The global easing cycle from central banks has continued, raising the appeal of borrowing strategies.

  • Weaker-than-expected US labor market data for August reinforced expectations of imminent Federal Reserve rate cuts.
  • Switzerland has already reduced rates to zero over the course of 2025.
  • While the European Central Bank refrained from cutting rates in July after eight consecutive reductions, we still expect one further reduction most likely in October. The Bank of England cut its policy rate by 25 basis points to 4% in August.

Against this backdrop, prudent borrowing can play multiple roles that support financial goals.

  • It may provide immediate funds without selling assets, avoiding taxable gains and transaction costs.
  • Investors looking to fund new private market investments may find it more efficient to borrow against diversified bond portfolios rather than hold excess cash to meet capital calls.
  • Borrowing to invest can yield higher long-term returns if expected returns exceed borrowing costs.

With the right risk management, borrowing strategies may grow in appeal this year.

  • Borrowing comes with risks that investors must be willing and able to bear. Investors should compare loan interest rates with expected returns; if returns are lower, borrowing may not be viable.
  • A borrowing strategy's robustness must be assessed against market risks and spending plans.

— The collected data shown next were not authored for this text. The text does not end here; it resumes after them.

Lemma rho_eq u v : rho u v -> k.+1 < rk u -> u = v.
Proof.
move=> ruv rku; have [ORu [inj_v _]] := rho_inOR ruv.
have edom := rho_dom_eq ruv rku.
apply/ffunP => x; case ux: (u x) => [y|]; last first.
  have : x \notin dom v by rewrite -edom inE ux.
  by rewrite inE negbK => /eqP.
have : x \in dom v by rewrite -edom inE ux.
rewrite inE; case vx: (v x) => [y'|] // _.
case: (eqVneq y y') => [-> // | ny]; exfalso.
have /imgP [x' vx'] : y \in img v by rewrite -(rho_img_eq ruv rku); apply/imgP; exists x.
have x'x : x' != x by apply: contra_neq ny => ex; move: vx'; rewrite ex vx => -[].
have [admD _] := inOR_admissible ORu.
have xD : x \in dom u :\ x' by rewrite in_setD1 eq_sym x'x inE ux.
have [A [sAD xA cA admA]] := exists_admissible_subset admD xD (ltn_cardsD1 _ rku) k_lt_m.
have yuA : y \in img (pmul (pid A) u) by apply/imgP; exists x; rewrite !ffunE xA ux.
have sAu := subset_trans sAD (subsetDl _ _).
have /imgP [i] := subsetP (rho_img_pid_mul_sub ruv admA cA sAu) y yuA.
rewrite !ffunE; case: ifP => // iA vi; move: (inj_v _ _ _ vi vx') iA => -> /(subsetP sAD).
by rewrite !inE eqxx.
Qed.

End CongruenceAboveIdeal.

Theorem lemma4p9 (m : nat) (hm : 1 <= m) (rho : pimap m -> pimap m -> Prop)
  (hrho : congruence rho) (k : nat) (hk : k <= m - 1)
  (h0 : forall t, rho t (@pzero m) <-> (inOR t /\ rk t <= k))
  (s : pimap m) (hs : inOR s) (hrk : k + 1 < rk s) :
  forall t, inOR t -> (rho t s <-> t = s).
Proof.
have k_lt_m : k < m by lia.
move=> t _; split=> [rts | ->]; last by case: hrho => _ refl _ _ _; apply: refl.
by apply/esym/(rho_eq hrho k_lt_m h0 (rho_sym hrho rts)); rewrite -addn1.
Qed.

Key factors in choosing a borrowing strategy include loan duration, refinancing potential, and interest rate expectations.

New this week

US employment data for August showed nonfarm payrolls rising by just 22,000, well below consensus estimates of 75,000, while the unemployment rate climbed to a four-year high of 4.3%.

Did you know?

  • Two of the 12 voting members of the Fed's policy-setting committee dissented in favor of a rate cut at July's meeting—the first time since 1993 the committee has seen multiple dissents.
  • Historical analysis, while no guarantee of future performance, suggests borrowing to invest in diversified portfolios may bear fruit. CIO analysis of 24-month rolling returns for a 60/40 portfolio of US stocks (S&P 500) and US government bonds between 1998 and August 2024 finds such a portfolio would have generated returns ahead of US dollar borrowing costs on nearly 75% of occasions (and by an average 3.4% each year).

Investment view

We believe a falling-rate environment in 2025 may accommodate proactive borrowing approaches, with judicious use of debt as a tool for achieving financial goals. By leveraging debt wisely, investors have the potential to enhance portfolios, manage risks, and improve the likelihood of achieving long-term financial goals.